» TASK GOAL:
Using the records below, write out again exactly the lines that begin at the line containing "rewrite [F ord_max" and end at the line containing "(* Let $\bar", and no other lines.

» Stored items:

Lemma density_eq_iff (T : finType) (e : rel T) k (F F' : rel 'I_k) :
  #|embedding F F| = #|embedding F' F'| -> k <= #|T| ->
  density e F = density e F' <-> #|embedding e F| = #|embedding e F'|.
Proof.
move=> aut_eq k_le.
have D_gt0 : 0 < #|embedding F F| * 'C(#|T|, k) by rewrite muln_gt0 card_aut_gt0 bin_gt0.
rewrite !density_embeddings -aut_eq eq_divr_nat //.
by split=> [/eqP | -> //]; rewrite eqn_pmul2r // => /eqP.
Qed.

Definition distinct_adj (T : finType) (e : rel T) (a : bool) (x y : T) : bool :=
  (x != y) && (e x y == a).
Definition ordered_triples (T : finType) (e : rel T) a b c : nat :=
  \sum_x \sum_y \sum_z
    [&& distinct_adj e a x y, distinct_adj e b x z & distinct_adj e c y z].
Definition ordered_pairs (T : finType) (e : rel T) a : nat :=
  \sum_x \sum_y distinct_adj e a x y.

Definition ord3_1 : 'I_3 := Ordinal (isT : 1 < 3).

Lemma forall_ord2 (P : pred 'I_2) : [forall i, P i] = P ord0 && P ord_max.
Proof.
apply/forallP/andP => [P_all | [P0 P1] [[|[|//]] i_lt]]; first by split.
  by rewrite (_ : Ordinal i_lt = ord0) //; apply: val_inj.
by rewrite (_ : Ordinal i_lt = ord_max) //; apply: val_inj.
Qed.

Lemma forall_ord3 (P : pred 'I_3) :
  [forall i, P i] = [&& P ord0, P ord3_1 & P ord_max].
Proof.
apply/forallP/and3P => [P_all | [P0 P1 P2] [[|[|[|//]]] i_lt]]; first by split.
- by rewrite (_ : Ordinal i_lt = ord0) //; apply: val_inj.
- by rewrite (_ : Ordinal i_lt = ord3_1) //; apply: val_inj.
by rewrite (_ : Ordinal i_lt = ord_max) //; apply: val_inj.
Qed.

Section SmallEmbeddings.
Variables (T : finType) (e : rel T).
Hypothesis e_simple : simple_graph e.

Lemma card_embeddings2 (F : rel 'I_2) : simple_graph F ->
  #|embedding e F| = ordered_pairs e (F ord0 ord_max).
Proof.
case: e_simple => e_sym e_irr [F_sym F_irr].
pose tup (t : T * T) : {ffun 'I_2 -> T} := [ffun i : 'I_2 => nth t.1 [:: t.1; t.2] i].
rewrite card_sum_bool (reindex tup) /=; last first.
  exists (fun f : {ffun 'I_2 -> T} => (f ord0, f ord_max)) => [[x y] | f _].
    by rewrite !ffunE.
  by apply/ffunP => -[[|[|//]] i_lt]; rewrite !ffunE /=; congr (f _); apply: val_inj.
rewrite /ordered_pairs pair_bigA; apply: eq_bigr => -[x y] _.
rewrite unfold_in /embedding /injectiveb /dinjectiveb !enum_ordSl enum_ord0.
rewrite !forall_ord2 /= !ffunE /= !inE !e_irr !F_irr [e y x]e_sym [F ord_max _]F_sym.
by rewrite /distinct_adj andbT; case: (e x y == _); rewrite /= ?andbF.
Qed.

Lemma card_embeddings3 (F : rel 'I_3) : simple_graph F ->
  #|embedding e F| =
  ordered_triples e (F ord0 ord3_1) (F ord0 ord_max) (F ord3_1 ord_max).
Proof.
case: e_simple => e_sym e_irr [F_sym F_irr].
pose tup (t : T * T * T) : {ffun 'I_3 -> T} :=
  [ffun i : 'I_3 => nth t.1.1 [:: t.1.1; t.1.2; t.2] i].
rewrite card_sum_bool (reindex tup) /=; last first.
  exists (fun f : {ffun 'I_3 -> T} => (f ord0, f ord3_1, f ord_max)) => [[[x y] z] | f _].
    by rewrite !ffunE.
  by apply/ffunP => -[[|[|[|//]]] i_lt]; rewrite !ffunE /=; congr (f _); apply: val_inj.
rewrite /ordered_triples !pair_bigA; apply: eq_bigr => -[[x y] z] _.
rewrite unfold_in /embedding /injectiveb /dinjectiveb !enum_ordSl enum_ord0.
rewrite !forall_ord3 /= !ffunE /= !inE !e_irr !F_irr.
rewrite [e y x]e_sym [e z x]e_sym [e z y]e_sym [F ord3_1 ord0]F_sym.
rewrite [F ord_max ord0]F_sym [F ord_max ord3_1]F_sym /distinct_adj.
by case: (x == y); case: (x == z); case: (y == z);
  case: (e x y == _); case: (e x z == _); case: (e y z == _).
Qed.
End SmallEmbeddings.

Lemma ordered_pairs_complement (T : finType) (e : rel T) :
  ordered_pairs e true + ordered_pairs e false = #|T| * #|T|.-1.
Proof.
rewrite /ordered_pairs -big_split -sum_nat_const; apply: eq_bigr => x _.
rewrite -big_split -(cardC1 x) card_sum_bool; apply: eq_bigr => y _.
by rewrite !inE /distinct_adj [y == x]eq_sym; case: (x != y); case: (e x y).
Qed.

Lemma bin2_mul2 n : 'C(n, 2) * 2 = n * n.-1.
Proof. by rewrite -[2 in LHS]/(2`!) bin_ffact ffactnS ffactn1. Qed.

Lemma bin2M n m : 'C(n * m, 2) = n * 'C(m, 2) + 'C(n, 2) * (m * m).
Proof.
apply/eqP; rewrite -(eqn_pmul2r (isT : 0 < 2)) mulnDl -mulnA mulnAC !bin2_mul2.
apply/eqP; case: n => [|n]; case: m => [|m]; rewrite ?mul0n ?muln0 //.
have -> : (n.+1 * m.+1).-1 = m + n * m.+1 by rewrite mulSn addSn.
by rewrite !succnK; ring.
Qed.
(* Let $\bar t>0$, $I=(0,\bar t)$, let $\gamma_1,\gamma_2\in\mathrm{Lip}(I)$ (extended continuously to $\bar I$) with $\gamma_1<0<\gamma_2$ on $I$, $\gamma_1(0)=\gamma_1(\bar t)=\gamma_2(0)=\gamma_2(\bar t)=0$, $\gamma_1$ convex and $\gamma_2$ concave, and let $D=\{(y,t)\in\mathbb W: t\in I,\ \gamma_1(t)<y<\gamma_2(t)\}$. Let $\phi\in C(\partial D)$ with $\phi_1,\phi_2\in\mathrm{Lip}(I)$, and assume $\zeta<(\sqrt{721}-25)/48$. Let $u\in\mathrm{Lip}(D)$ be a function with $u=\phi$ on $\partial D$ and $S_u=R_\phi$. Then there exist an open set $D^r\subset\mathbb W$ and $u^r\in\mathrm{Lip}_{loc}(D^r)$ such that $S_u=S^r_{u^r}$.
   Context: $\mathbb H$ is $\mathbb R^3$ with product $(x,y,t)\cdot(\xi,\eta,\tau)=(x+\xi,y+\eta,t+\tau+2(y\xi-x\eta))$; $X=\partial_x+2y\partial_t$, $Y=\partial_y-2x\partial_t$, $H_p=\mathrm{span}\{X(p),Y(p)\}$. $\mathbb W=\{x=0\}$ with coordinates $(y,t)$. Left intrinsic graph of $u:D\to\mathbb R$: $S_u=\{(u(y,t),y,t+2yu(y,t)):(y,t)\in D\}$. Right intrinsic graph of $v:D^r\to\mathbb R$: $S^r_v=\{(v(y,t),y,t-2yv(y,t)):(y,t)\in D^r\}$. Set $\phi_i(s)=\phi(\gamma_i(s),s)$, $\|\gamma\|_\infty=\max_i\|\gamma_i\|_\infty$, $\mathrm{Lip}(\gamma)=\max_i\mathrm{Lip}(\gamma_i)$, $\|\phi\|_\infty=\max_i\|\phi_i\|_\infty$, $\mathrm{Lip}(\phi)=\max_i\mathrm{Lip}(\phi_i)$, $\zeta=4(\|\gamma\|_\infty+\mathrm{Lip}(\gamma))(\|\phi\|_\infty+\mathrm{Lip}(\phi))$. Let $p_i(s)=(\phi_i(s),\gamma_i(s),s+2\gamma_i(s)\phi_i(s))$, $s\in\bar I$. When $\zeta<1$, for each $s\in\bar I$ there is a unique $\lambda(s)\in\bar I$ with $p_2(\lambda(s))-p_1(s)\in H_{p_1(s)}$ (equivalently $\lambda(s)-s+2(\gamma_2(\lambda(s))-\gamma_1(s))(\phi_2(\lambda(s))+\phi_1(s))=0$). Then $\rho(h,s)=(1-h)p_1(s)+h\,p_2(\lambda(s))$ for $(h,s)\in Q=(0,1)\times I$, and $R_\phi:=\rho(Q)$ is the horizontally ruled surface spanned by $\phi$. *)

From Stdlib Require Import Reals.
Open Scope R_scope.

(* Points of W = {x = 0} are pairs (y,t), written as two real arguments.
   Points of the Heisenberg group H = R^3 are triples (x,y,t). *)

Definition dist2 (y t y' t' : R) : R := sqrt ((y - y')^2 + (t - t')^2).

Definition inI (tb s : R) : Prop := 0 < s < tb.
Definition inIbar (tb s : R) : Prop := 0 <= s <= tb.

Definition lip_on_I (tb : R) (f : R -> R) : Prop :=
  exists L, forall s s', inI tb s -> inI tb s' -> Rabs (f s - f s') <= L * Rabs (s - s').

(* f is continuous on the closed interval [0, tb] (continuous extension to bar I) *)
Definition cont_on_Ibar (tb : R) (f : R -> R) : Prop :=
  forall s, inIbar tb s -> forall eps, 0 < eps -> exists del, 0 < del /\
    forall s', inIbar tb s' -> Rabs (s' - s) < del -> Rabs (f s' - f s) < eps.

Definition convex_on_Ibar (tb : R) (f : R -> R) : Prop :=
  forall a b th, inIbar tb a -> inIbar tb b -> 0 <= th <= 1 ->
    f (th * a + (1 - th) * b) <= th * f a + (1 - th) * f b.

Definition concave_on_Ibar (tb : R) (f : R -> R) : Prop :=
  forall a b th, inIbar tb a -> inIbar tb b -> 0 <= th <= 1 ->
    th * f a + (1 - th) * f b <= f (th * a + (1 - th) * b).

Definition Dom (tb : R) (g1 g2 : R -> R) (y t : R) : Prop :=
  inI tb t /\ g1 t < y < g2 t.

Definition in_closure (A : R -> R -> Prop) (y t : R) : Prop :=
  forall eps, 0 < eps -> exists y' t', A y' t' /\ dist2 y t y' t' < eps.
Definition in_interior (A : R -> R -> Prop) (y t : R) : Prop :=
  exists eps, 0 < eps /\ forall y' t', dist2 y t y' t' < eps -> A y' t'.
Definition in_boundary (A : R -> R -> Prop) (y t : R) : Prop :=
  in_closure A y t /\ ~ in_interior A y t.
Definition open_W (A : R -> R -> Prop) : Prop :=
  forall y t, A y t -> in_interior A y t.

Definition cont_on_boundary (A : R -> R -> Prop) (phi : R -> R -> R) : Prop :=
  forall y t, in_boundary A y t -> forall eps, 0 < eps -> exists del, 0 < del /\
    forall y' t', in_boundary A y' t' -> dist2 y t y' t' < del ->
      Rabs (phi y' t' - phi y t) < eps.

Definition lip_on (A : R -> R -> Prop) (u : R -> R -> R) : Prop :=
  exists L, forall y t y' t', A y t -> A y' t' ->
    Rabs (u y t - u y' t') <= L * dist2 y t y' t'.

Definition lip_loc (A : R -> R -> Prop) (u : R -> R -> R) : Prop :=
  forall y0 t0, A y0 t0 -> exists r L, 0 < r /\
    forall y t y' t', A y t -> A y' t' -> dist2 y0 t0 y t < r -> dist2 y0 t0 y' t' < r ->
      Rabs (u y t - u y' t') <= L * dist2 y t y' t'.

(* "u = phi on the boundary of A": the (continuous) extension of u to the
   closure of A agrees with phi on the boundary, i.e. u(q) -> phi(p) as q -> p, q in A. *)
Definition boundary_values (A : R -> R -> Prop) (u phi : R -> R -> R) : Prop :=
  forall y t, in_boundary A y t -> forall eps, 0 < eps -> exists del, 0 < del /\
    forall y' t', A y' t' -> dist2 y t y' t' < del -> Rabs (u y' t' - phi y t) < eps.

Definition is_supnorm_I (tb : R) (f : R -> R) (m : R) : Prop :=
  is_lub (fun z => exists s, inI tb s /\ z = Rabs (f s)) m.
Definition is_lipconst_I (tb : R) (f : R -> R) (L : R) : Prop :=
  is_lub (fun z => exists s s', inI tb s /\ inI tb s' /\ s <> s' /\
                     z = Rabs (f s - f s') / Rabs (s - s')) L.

» EXERCISE OUTPUT:
rewrite [F ord_max ord0]F_sym [F ord_max ord3_1]F_sym /distinct_adj.
by case: (x == y); case: (x == z); case: (y == z);
  case: (e x y == _); case: (e x z == _); case: (e y z == _).
Qed.
End SmallEmbeddings.

Lemma ordered_pairs_complement (T : finType) (e : rel T) :
  ordered_pairs e true + ordered_pairs e false = #|T| * #|T|.-1.
Proof.
rewrite /ordered_pairs -big_split -sum_nat_const; apply: eq_bigr => x _.
rewrite -big_split -(cardC1 x) card_sum_bool; apply: eq_bigr => y _.
by rewrite !inE /distinct_adj [y == x]eq_sym; case: (x != y); case: (e x y).
Qed.

Lemma bin2_mul2 n : 'C(n, 2) * 2 = n * n.-1.
Proof. by rewrite -[2 in LHS]/(2`!) bin_ffact ffactnS ffactn1. Qed.

Lemma bin2M n m : 'C(n * m, 2) = n * 'C(m, 2) + 'C(n, 2) * (m * m).
Proof.
apply/eqP; rewrite -(eqn_pmul2r (isT : 0 < 2)) mulnDl -mulnA mulnAC !bin2_mul2.
apply/eqP; case: n => [|n]; case: m => [|m]; rewrite ?mul0n ?muln0 //.
have -> : (n.+1 * m.+1).-1 = m + n * m.+1 by rewrite mulSn addSn.
by rewrite !succnK; ring.
Qed.
(* Let $\bar t>0$, $I=(0,\bar t)$, let $\gamma_1,\gamma_2\in\mathrm{Lip}(I)$ (extended continuously to $\bar I$) with $\gamma_1<0<\gamma_2$ on $I$, $\gamma_1(0)=\gamma_1(\bar t)=\gamma_2(0)=\gamma_2(\bar t)=0$, $\gamma_1$ convex and $\gamma_2$ concave, and let $D=\{(y,t)\in\mathbb W: t\in I,\ \gamma_1(t)<y<\gamma_2(t)\}$. Let $\phi\in C(\partial D)$ with $\phi_1,\phi_2\in\mathrm{Lip}(I)$, and assume $\zeta<(\sqrt{721}-25)/48$. Let $u\in\mathrm{Lip}(D)$ be a function with $u=\phi$ on $\partial D$ and $S_u=R_\phi$. Then there exist an open set $D^r\subset\mathbb W$ and $u^r\in\mathrm{Lip}_{loc}(D^r)$ such that $S_u=S^r_{u^r}$.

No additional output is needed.